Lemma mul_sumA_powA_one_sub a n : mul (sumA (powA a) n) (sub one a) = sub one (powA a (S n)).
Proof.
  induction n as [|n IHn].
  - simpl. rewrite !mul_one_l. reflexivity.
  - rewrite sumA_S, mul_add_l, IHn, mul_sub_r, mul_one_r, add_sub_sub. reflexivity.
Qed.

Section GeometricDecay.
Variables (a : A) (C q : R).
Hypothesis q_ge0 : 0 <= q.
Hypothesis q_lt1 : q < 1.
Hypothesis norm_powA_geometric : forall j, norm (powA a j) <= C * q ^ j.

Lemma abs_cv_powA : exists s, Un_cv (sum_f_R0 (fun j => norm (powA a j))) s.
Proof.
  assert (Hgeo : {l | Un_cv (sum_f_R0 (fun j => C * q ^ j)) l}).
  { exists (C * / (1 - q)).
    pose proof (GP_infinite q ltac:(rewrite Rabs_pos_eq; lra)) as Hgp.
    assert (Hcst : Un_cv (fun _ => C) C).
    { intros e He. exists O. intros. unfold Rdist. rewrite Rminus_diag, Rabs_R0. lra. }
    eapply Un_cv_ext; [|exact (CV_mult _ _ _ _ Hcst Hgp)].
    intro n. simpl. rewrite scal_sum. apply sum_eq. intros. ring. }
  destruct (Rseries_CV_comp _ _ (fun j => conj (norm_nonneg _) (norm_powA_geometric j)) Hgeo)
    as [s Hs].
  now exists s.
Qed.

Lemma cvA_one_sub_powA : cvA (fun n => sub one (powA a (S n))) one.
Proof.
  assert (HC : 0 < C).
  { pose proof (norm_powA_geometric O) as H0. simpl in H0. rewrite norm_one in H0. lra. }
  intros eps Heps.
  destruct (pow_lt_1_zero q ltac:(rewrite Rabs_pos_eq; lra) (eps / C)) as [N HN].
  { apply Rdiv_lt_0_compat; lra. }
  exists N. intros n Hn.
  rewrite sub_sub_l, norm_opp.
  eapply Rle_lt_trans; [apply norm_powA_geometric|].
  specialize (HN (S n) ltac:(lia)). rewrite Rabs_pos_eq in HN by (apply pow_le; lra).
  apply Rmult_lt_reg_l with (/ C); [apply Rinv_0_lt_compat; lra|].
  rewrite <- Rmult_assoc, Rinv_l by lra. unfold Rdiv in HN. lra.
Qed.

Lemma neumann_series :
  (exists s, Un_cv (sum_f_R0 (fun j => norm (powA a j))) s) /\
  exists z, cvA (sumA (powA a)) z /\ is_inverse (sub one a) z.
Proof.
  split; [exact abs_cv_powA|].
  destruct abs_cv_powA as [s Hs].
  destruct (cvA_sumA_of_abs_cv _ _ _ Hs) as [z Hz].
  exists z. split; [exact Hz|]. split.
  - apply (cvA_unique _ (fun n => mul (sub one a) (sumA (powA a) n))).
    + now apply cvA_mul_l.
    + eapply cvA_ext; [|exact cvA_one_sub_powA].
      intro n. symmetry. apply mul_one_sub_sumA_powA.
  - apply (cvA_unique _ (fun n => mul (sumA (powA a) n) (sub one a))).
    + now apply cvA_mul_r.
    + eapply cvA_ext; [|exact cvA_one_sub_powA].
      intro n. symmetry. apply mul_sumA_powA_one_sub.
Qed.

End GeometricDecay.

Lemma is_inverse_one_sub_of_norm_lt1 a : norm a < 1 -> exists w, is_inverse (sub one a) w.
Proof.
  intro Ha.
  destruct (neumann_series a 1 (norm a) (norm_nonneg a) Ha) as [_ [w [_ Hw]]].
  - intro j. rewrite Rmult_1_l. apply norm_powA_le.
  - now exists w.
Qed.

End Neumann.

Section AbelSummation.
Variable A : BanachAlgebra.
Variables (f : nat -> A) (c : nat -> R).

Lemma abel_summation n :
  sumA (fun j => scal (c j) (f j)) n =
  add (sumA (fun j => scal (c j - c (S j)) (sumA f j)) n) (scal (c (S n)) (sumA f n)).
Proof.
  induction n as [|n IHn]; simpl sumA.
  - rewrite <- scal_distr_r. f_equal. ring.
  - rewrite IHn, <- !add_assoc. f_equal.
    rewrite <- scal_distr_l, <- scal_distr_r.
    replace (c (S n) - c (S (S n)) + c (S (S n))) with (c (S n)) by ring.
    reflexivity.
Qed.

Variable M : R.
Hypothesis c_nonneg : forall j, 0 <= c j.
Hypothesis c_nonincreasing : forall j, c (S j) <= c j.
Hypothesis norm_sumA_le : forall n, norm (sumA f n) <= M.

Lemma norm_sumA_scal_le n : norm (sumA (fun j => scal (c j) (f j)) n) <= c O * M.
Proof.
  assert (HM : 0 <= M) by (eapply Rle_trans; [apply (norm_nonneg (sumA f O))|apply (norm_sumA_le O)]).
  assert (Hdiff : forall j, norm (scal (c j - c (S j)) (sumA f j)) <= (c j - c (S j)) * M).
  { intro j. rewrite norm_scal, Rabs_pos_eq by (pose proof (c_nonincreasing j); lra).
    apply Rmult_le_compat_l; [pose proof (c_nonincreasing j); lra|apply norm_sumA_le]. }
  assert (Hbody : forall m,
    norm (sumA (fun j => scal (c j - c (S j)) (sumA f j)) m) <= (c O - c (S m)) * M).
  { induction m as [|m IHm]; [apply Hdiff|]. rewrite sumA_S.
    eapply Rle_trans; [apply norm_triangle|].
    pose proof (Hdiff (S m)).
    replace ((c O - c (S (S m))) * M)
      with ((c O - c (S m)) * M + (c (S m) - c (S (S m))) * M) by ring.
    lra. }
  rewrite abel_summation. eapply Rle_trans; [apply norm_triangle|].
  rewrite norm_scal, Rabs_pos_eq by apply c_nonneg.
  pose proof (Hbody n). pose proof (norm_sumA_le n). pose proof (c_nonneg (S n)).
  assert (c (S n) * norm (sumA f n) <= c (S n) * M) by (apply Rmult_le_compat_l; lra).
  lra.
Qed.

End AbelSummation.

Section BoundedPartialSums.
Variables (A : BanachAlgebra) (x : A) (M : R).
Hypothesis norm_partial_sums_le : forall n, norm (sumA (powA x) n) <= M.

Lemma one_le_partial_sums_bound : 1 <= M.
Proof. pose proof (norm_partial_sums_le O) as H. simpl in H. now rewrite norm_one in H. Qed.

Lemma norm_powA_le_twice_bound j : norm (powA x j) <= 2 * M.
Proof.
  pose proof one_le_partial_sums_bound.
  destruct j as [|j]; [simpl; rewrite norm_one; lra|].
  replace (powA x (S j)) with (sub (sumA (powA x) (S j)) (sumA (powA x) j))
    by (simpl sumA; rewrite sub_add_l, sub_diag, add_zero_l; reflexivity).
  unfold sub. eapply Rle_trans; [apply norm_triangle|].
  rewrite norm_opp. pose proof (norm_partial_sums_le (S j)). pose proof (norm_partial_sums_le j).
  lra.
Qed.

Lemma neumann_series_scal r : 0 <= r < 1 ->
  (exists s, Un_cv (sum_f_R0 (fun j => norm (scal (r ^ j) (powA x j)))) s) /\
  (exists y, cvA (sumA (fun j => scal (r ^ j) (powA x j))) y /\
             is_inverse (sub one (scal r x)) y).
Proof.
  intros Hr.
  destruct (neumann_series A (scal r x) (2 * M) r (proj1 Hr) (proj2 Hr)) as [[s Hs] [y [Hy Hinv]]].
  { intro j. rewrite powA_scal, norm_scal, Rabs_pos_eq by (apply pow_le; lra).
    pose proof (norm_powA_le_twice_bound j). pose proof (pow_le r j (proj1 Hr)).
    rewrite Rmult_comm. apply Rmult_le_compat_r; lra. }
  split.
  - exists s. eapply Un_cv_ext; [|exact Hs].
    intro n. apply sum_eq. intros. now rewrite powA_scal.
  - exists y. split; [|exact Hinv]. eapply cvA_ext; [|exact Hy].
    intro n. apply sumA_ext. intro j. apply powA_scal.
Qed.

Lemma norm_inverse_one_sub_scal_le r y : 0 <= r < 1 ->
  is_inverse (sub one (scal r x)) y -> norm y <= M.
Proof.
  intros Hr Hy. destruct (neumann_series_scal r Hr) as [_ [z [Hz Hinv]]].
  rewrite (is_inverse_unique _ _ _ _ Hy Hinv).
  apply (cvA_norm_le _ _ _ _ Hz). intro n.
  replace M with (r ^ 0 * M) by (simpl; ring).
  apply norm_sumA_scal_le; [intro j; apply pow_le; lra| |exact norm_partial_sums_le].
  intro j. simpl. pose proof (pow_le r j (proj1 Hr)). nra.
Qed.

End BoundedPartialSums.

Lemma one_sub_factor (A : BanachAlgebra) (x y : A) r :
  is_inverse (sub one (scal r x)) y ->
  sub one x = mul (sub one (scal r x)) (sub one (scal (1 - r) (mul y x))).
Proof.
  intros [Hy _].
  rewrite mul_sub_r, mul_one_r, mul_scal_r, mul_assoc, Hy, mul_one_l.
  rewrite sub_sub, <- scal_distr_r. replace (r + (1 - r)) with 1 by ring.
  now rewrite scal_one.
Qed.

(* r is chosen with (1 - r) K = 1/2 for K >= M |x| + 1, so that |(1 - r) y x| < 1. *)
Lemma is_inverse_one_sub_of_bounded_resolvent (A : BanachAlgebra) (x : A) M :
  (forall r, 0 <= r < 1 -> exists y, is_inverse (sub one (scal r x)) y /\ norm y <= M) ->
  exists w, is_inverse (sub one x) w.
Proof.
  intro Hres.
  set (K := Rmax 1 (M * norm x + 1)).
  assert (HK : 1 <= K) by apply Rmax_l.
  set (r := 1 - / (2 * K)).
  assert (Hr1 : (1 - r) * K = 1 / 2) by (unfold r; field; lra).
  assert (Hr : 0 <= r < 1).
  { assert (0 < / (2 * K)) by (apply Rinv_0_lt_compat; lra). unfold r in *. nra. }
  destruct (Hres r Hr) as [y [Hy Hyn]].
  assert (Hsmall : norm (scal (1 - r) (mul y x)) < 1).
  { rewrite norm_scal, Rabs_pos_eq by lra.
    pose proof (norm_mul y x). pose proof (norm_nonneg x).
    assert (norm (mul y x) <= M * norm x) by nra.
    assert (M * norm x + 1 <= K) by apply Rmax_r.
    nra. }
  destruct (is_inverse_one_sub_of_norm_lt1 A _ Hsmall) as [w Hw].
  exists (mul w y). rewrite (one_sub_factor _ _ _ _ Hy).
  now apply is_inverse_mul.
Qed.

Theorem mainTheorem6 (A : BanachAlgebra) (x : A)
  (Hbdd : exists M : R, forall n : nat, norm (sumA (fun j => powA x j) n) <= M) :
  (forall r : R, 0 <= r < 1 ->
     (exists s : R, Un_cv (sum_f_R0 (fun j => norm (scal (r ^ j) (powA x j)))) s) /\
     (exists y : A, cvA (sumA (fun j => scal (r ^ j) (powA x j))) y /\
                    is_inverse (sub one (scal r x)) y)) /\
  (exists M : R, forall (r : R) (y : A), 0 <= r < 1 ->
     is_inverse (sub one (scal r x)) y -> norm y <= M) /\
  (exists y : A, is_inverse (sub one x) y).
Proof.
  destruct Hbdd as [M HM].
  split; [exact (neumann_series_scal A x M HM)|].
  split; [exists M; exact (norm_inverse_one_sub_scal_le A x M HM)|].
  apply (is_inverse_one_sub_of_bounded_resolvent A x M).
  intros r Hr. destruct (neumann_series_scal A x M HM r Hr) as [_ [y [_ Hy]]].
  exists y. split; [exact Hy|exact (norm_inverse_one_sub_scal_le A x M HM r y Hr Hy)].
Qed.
==========
Exercise objective: Transcribe, exactly and without additions, the lines of the records above, beginning with the line that contains "End BoundedPartialSums." and ending with the line that contains "set (r := 1 - / (2 * K)).", both included.

Task response:
End BoundedPartialSums.

Lemma one_sub_factor (A : BanachAlgebra) (x y : A) r :
  is_inverse (sub one (scal r x)) y ->
  sub one x = mul (sub one (scal r x)) (sub one (scal (1 - r) (mul y x))).
Proof.
  intros [Hy _].
  rewrite mul_sub_r, mul_one_r, mul_scal_r, mul_assoc, Hy, mul_one_l.
  rewrite sub_sub, <- scal_distr_r. replace (r + (1 - r)) with 1 by ring.
  now rewrite scal_one.
Qed.

(* r is chosen with (1 - r) K = 1/2 for K >= M |x| + 1, so that |(1 - r) y x| < 1. *)
Lemma is_inverse_one_sub_of_bounded_resolvent (A : BanachAlgebra) (x : A) M :
  (forall r, 0 <= r < 1 -> exists y, is_inverse (sub one (scal r x)) y /\ norm y <= M) ->
  exists w, is_inverse (sub one x) w.
Proof.
  intro Hres.
  set (K := Rmax 1 (M * norm x + 1)).
  assert (HK : 1 <= K) by apply Rmax_l.
  set (r := 1 - / (2 * K)).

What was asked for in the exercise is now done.